_Exercise aim:_ Output, word for word, every line from the line with "move=> _ conn w_gt0 _." through the final line of the data below.

_Extracted data:_
....................

(* In a dynamic network congestion game, a strategy profile is a subgame-perfect equilibrium if, and only if, it is a very-weak subgame-perfect equilibrium.
   Context: An arena is $\mathcal A=(V,E,\mathsf{src},\mathsf{tgt})$ with $V$ finite, $E$ a partial function from $V\times V$ to non-decreasing piecewise-affine functions $\mathbb N\to\mathbb N$ (edge $e$ has cost function $\ell_e$); $\mathsf{tgt}$ has only a self-loop of constant cost $0$ and is reachable from every state. In the dynamic NCG $(\mathcal A,n)$, players $[n]$ start in $\mathsf{src}$; configurations are maps $[n]\to V$; in each step each player simultaneously picks an edge leaving their current state, moves along it and pays $\ell_e(u)$, $u$ being the number of players using edge $e$ in that step. A history is a finite sequence of such steps; a strategy maps histories to edges leaving the player's current state. For a profile $\sigma$ and a history $h$, the residual profile $\sigma^h$ (played from the last configuration of $h$) is given by $\sigma^h_i(h')=\sigma_i(h\cdot h')$; $\mathrm{cost}_i$ of a profile is player $i$'s total payment along its outcome until reaching $\mathsf{tgt}$ ($+\infty$ if never). A Nash equilibrium is a profile in which no player can lower their cost by a unilateral change of strategy; a subgame-perfect equilibrium is a profile $\sigma$ such that $\sigma^h$ is a Nash equilibrium for every history $h$. A strategy $\sigma'_i$ is first-shot deviating from $\sigma_i$ if they coincide on all histories except the empty (trivial) history. A profile $\sigma$ is a very-weak Nash equilibrium if for every player $i$ and every $\sigma'_i$ first-shot deviating from $\sigma_i$, $\mathrm{cost}_i(\langle\sigma_{-i},\sigma'_i\rangle)\ge\mathrm{cost}_i(\sigma)$. A very-weak subgame-perfect equilibrium is a profile $\sigma$ such that $\sigma^h$ is a very-weak Nash equilibrium for every history $h$. *)

From mathcomp Require Import all_boot all_order all_algebra.
From Stdlib Require Import ClassicalEpsilon.
Set Implicit Arguments. Unset Strict Implicit. Unset Printing Implicit Defensive.
Import GRing.Theory Num.Theory.

Section NCG.
Variable V : finType.
(* E u v = Some l : there is an edge (u,v) with cost function l. *)
Variable E : V -> V -> option (nat -> nat).
Variables src tgt : V.

Definition nondecreasing_fun (f : nat -> nat) : Prop :=
  forall x y, (x <= y)%N -> (f x <= f y)%N.

(* Piecewise affine with finitely many pieces: the breakpoints s cut N into
   finitely many intervals; on the k-th interval f is x |-> a k * x + b k. *)
Definition piecewise_affine (f : nat -> nat) : Prop :=
  exists (s : seq nat) (a b : nat -> int),
    forall x : nat, let k := count (fun t => (t <= x)%N) s in
      ((f x)%:Z = a k * x%:Z + b k)%R.

Definition edge_rel : rel V := fun u v => E u v.

Definition is_arena : Prop :=
  (forall u v l, E u v = Some l -> nondecreasing_fun l /\ piecewise_affine l) /\
  (forall v, isSome (E tgt v) = (v == tgt)) /\
  (exists l, E tgt tgt = Some l /\ forall x, l x = 0%N) /\
  (forall u, connect edge_rel u tgt).

Variable n : nat.

Definition edge := (V * V)%type.
Definition is_edge (e : edge) : bool := isSome (E e.1 e.2).
Definition config := {ffun 'I_n -> V}.
Definition step := {ffun 'I_n -> edge}.
Definition history := seq step.

Definition after_step (s : step) : config := [ffun i => (s i).2].
Definition cur (c : config) (h : history) : config :=
  foldl (fun _ s => after_step s) c h.

Definition valid_step (c : config) (s : step) : Prop :=
  forall i, (s i).1 = c i /\ is_edge (s i).

Fixpoint valid_hist (c : config) (h : history) : Prop :=
  match h with
  | [::] => True
  | s :: h' => valid_step c s /\ valid_hist (after_step s) h'
  end.

Definition strategy := history -> edge.
Definition profile := 'I_n -> strategy.

Definition valid_strategy (c : config) (i : 'I_n) (st : strategy) : Prop :=
  forall h, valid_hist c h -> (st h).1 = cur c h i /\ is_edge (st h).

Definition valid_profile (c : config) (sg : profile) : Prop :=
  forall i, valid_strategy c i (sg i).

Definition upd (sg : profile) (i : 'I_n) (st : strategy) : profile :=
  fun j => if j == i then st else sg j.

Definition residual (sg : profile) (h : history) : profile :=
  fun i h' => sg i (h ++ h').

Definition next_step (sg : profile) (h : history) : step := [ffun i => sg i h].

Fixpoint play (sg : profile) (k : nat) : history :=
  match k with
  | 0 => [::]
  | k'.+1 => rcons (play sg k') (next_step sg (play sg k'))
  end.

Definition load (s : step) (e : edge) : nat := #|[set j | s j == e]|.

Definition pay (sg : profile) (i : 'I_n) (k : nat) : nat :=
  let s := next_step sg (play sg k) in
  match E (s i).1 (s i).2 with
  | Some l => l (load s (s i))
  | None => 0%N
  end.

Definition reached (c : config) (sg : profile) (i : 'I_n) : pred nat :=
  fun k => cur c (play sg k) i == tgt.

(* None stands for +infinity *)
Definition cost (c : config) (sg : profile) (i : 'I_n) : option nat :=
  match excluded_middle_informative (exists k, reached c sg i k) with
  | left H => Some (\sum_(k < ex_minn H) pay sg i k)%N
  | right _ => None
  end.

Definition cost_le (x y : option nat) : Prop :=
  match y, x with
  | None, _ => True
  | Some b, Some a => (a <= b)%N
  | Some _, None => False
  end.

Definition is_NE (c : config) (sg : profile) : Prop :=
  forall i st, valid_strategy c i st -> cost_le (cost c sg i) (cost c (upd sg i st) i).

Definition first_shot_deviating (c : config) (st' st : strategy) : Prop :=
  forall h, valid_hist c h -> h <> [::] -> st' h = st h.

Definition is_vwNE (c : config) (sg : profile) : Prop :=
  forall i st, valid_strategy c i st -> first_shot_deviating c st (sg i) ->
    cost_le (cost c sg i) (cost c (upd sg i st) i).

Definition src_config : config := [ffun _ => src].

Definition is_SPE (sg : profile) : Prop :=
  forall h, valid_hist src_config h -> is_NE (cur src_config h) (residual sg h).

Definition is_vwSPE (sg : profile) : Prop :=
  forall h, valid_hist src_config h -> is_vwNE (cur src_config h) (residual sg h).

End NCG.

From mathcomp Require Import all_boot all_order all_algebra.
From Stdlib Require Import ClassicalEpsilon FunctionalExtensionality.
Set Implicit Arguments. Unset Strict Implicit. Unset Printing Implicit Defensive.

(* One-shot deviation principle.  A deviation of player i with finite cost
   reaches tgt after some number m of steps.  It splits into its first move,
   followed by the profile, and a deviation in the subgame after that move,
   reaching tgt in m - 1 steps.  The first part is a first-shot deviation, so
   it does not beat the profile; costs add up along the first step, and the
   second part does not beat the profile in the subgame by induction on m.
   A deviation that never reaches tgt has cost +oo and cannot be profitable. *)

Section OneShotDeviation.
Variables (V : finType) (E : V -> V -> option (nat -> nat)) (tgt : V) (n : nat).
Implicit Types (c : config V n) (P : profile V n) (st : strategy V n)
  (g h : history V n) (s : step V n).

Lemma cost_le_trans x y z : cost_le x y -> cost_le y z -> cost_le x z.
Proof. by case: z => [z|] //; case: y => [y|] //; case: x => [x|] //; apply: leq_trans. Qed.

Lemma cost_le_addn a x y : cost_le x y -> cost_le (omap (addn a) x) (omap (addn a) y).
Proof. by case: y => [y|] //; case: x => [x|] //=; rewrite leq_add2l. Qed.

Lemma cur_cat c g h : cur c (g ++ h) = cur (cur c g) h.
Proof. by rewrite /cur foldl_cat. Qed.

Lemma valid_hist_cat c g h :
  valid_hist E c (g ++ h) <-> valid_hist E c g /\ valid_hist E (cur c g) h.
Proof. by elim: g c => [|s g IH] c /=; rewrite ?IH; tauto. Qed.

Lemma residual_cat P g h : residual (residual P g) h = residual P (g ++ h).
Proof.
by apply: functional_extensionality => i; apply: functional_extensionality => h'; rewrite /residual catA.
Qed.

Lemma residual_upd P i st g :
  residual (upd P i st) g = upd (residual P g) i (fun h => st (g ++ h)).
Proof. by apply: functional_extensionality => j; rewrite /residual /upd; case: eqP. Qed.

Lemma upd_id P i : upd P i (P i) = P.
Proof. by apply: functional_extensionality => j; rewrite /upd; case: eqP => [->|]. Qed.

Lemma valid_profile_upd c P i st :
  valid_profile E c P -> valid_strategy E c i st -> valid_profile E c (upd P i st).
Proof. by move=> HP Hst j; rewrite /upd; case: eqP => [->|]. Qed.

Lemma valid_profile_residual c P h :
  valid_profile E c P -> valid_hist E c h -> valid_profile E (cur c h) (residual P h).
Proof.
move=> HP Hh i h' Hh'; rewrite /residual -cur_cat.
by apply: HP; apply/valid_hist_cat.
Qed.

Lemma valid_step_next c P : valid_profile E c P -> valid_step E c (next_step P [::]).
Proof. by move=> HP i; rewrite ffunE; apply: HP. Qed.

Lemma playS_residual P k :
  play P k.+1 = next_step P [::] :: play (residual P [:: next_step P [::]]) k.
Proof.
elim: k => [|k IH] //.
rewrite -[play P k.+2]/(rcons (play P k.+1) (next_step P (play P k.+1))) IH rcons_cons.
by congr (_ :: rcons _ _); apply/ffunP => j; rewrite !ffunE.
Qed.

Lemma pay_residual P i k :
  pay E P i k.+1 = pay E (residual P [:: next_step P [::]]) i k.
Proof.
have Hnext : next_step P (play P k.+1) =
    next_step (residual P [:: next_step P [::]]) (play (residual P [:: next_step P [::]]) k).
  by rewrite playS_residual; apply/ffunP => j; rewrite !ffunE.
by rewrite /pay Hnext.
Qed.

Lemma reached_residual c P i k :
  reached tgt c P i k.+1 =
  reached tgt (after_step (next_step P [::])) (residual P [:: next_step P [::]]) i k.
Proof. by rewrite /reached playS_residual. Qed.

Lemma cost_reached c P i m :
  reached tgt c P i m -> (forall k, k < m -> ~~ reached tgt c P i k) ->
  cost E tgt c P i = Some (\sum_(k < m) pay E P i k).
Proof.
move=> Hm Hmin; rewrite /cost; case: excluded_middle_informative => [H|[]]; last by exists m.
case: ex_minnP => m' Hm' Hmin'; suff -> : m' = m by [].
apply/eqP; rewrite eqn_leq Hmin' //= leqNgt; apply/negP => /Hmin.
by rewrite Hm'.
Qed.

Lemma cost_unreached c P i :
  (forall k, ~~ reached tgt c P i k) -> cost E tgt c P i = None.
Proof. by move=> H; rewrite /cost; case: excluded_middle_informative => // -[k Hk]; case/negP: (H k). Qed.

Lemma cost_tgt c P i : c i == tgt -> cost E tgt c P i = Some 0.
Proof. by move=> Hci; rewrite (@cost_reached _ _ _ 0) ?big_ord0. Qed.

Lemma cost_step c P i : c i != tgt ->
  cost E tgt c P i = omap (addn (pay E P i 0))
    (cost E tgt (after_step (next_step P [::])) (residual P [:: next_step P [::]]) i).
Proof.
move=> Hci; set c' := after_step _; set P' := residual _ _.
have [Hex|Hno] := excluded_middle_informative (exists k, reached tgt c' P' i k).
- case: (ex_minnP Hex) => m Hm Hmin.
  have Hbefore k : k < m -> ~~ reached tgt c' P' i k.
    by rewrite ltnNge; apply: contra => /Hmin.
  rewrite (cost_reached Hm Hbefore) (@cost_reached _ _ _ m.+1) ?reached_residual //.
    by rewrite /= big_ord_recl; congr (Some (_ + _)); apply: eq_bigr => k _; rewrite pay_residual.
  by case=> // k; rewrite ltnS reached_residual; apply: Hbefore.
- have Hnever k : ~~ reached tgt c' P' i k by apply/negP => Hk; apply: Hno; exists k.
  by rewrite !cost_unreached // => -[|k] //; rewrite reached_residual.
Qed.

Lemma NE_vwNE c P : is_NE E tgt c P -> is_vwNE E tgt c P.
Proof. by move=> HNE i st Hst _; apply: HNE. Qed.

Definition is_vwSPE_from c P : Prop :=
  forall h, valid_hist E c h -> is_vwNE E tgt (cur c h) (residual P h).

Lemma vwSPE_from_residual c P h :
  is_vwSPE_from c P -> valid_hist E c h -> is_vwSPE_from (cur c h) (residual P h).
Proof.
move=> HP Hh h' Hh'; rewrite residual_cat -cur_cat.
by apply: HP; apply/valid_hist_cat.
Qed.

Definition first_move (e : edge V) st : strategy V n :=
  fun h => if h is [::] then e else st h.

Lemma valid_first_move c i st e :
  valid_strategy E c i st -> e.1 = c i /\ is_edge E e ->
  valid_strategy E c i (first_move e st).
Proof. by move=> Hst He [|s h] //; apply: Hst. Qed.

Lemma first_move_first_shot c e st : first_shot_deviating E c (first_move e st) st.
Proof. by case. Qed.

Lemma vwSPE_from_cost_le m c P i st :
  valid_profile E c P -> is_vwSPE_from c P -> valid_strategy E c i st ->
  reached tgt c (upd P i st) i m ->
  cost_le (cost E tgt c P i) (cost E tgt c (upd P i st) i).
Proof.
elim: m c P st => [|m IH] c P st HP Hvw Hst Hm.
  by rewrite !cost_tgt.
have [Hci|Hci] := boolP (c i == tgt); first by rewrite !cost_tgt.
set s0 := next_step (upd P i st) [::].
set st1 := first_move (st [::]) (P i).
have Hs0 : valid_step E c s0 by apply/valid_step_next/valid_profile_upd.
have Hnext1 : next_step (upd P i st1) [::] = s0.
  by apply/ffunP => j; rewrite !ffunE /upd; case: eqP.
have Hst1 : valid_strategy E c i st1 by apply: valid_first_move; [apply: HP | apply: Hst].
have Hc' : after_step s0 = cur c [:: s0] by [].
have Hs0_hist : valid_hist E c [:: s0] by split.
have Hfirst : cost_le (cost E tgt c P i) (cost E tgt c (upd P i st1) i).
  exact: (Hvw [::] I i st1 Hst1 (first_move_first_shot _ _)).
apply: (cost_le_trans Hfirst).
rewrite (cost_step (upd P i st) Hci) (cost_step (upd P i st1) Hci) Hnext1 -/s0.
have -> : pay E (upd P i st1) i 0 = pay E (upd P i st) i 0 by rewrite /pay /= Hnext1.
apply: cost_le_addn.
rewrite !residual_upd upd_id Hc'.
apply: IH.
- exact: valid_profile_residual.
- exact: vwSPE_from_residual.
- by move=> h Hh; apply: (Hst (s0 :: h)).
- by rewrite -Hc' -residual_upd -(reached_residual c).
Qed.

Lemma vwSPE_from_NE c P :
  valid_profile E c P -> is_vwSPE_from c P -> is_NE E tgt c P.
Proof.
move=> HP Hvw i st Hst.
have [[m Hm]|Hno] := excluded_middle_informative (exists k, reached tgt c (upd P i st) i k).
  exact: vwSPE_from_cost_le Hm.
by rewrite (@cost_unreached _ (upd P i st)) // => k; apply/negP => Hk; apply: Hno; exists k.
Qed.

End OneShotDeviation.

Theorem theoremC3 (V : finType) (E : V -> V -> option (nat -> nat)) (src tgt : V)
  (HA : is_arena E tgt) (n : nat) (sg : profile V n)
  (Hsg : valid_profile E (src_config src n) sg) :
  is_SPE E src tgt sg <-> is_vwSPE E src tgt sg.
Proof.
split=> [HSPE h Hh | Hvw h Hh]; first exact/NE_vwNE/HSPE.
apply: vwSPE_from_NE; first exact: valid_profile_residual.
exact: (vwSPE_from_residual (c := src_config src n)).
Qed.
Theorem theorem3 (C : numClosedFieldType) (n m : nat)
  (src dst : 'I_m -> 'I_n) (w : 'I_m -> C) (i j : 'I_n) :
  simple_edges src dst ->
  connected_graph src dst ->
  (forall k, 0 < w k) ->
  i != j ->
  is_hinf_norm (laplacian src dst w) (port C i j)
    (eff_resistance (laplacian src dst w) i j).
Proof.
move=> _ conn w_gt0 _.
have w_ge0 k : 0 <= w k by apply: ltW.
have port_perp_ker (u : 'rV_n) : u *m laplacian src dst w = 0 -> u *m port C i j = 0.
  move=> uL0; apply/matrixP => x y; rewrite !ord1 row_mul_port mxE.
  by rewrite (laplacian_ker_const conn w_gt0 uL0 i j) subrr.
rewrite /eff_resistance laplacian_weighted_gram in port_perp_ker *.
by apply: is_hinf_norm_weighted_gram => //; apply: ctr_port.
Qed.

....................

_Reply to the exercise:_
move=> _ conn w_gt0 _.
have w_ge0 k : 0 <= w k by apply: ltW.
have port_perp_ker (u : 'rV_n) : u *m laplacian src dst w = 0 -> u *m port C i j = 0.
  move=> uL0; apply/matrixP => x y; rewrite !ord1 row_mul_port mxE.
  by rewrite (laplacian_ker_const conn w_gt0 uL0 i j) subrr.
rewrite /eff_resistance laplacian_weighted_gram in port_perp_ker *.
by apply: is_hinf_norm_weighted_gram => //; apply: ctr_port.
Qed.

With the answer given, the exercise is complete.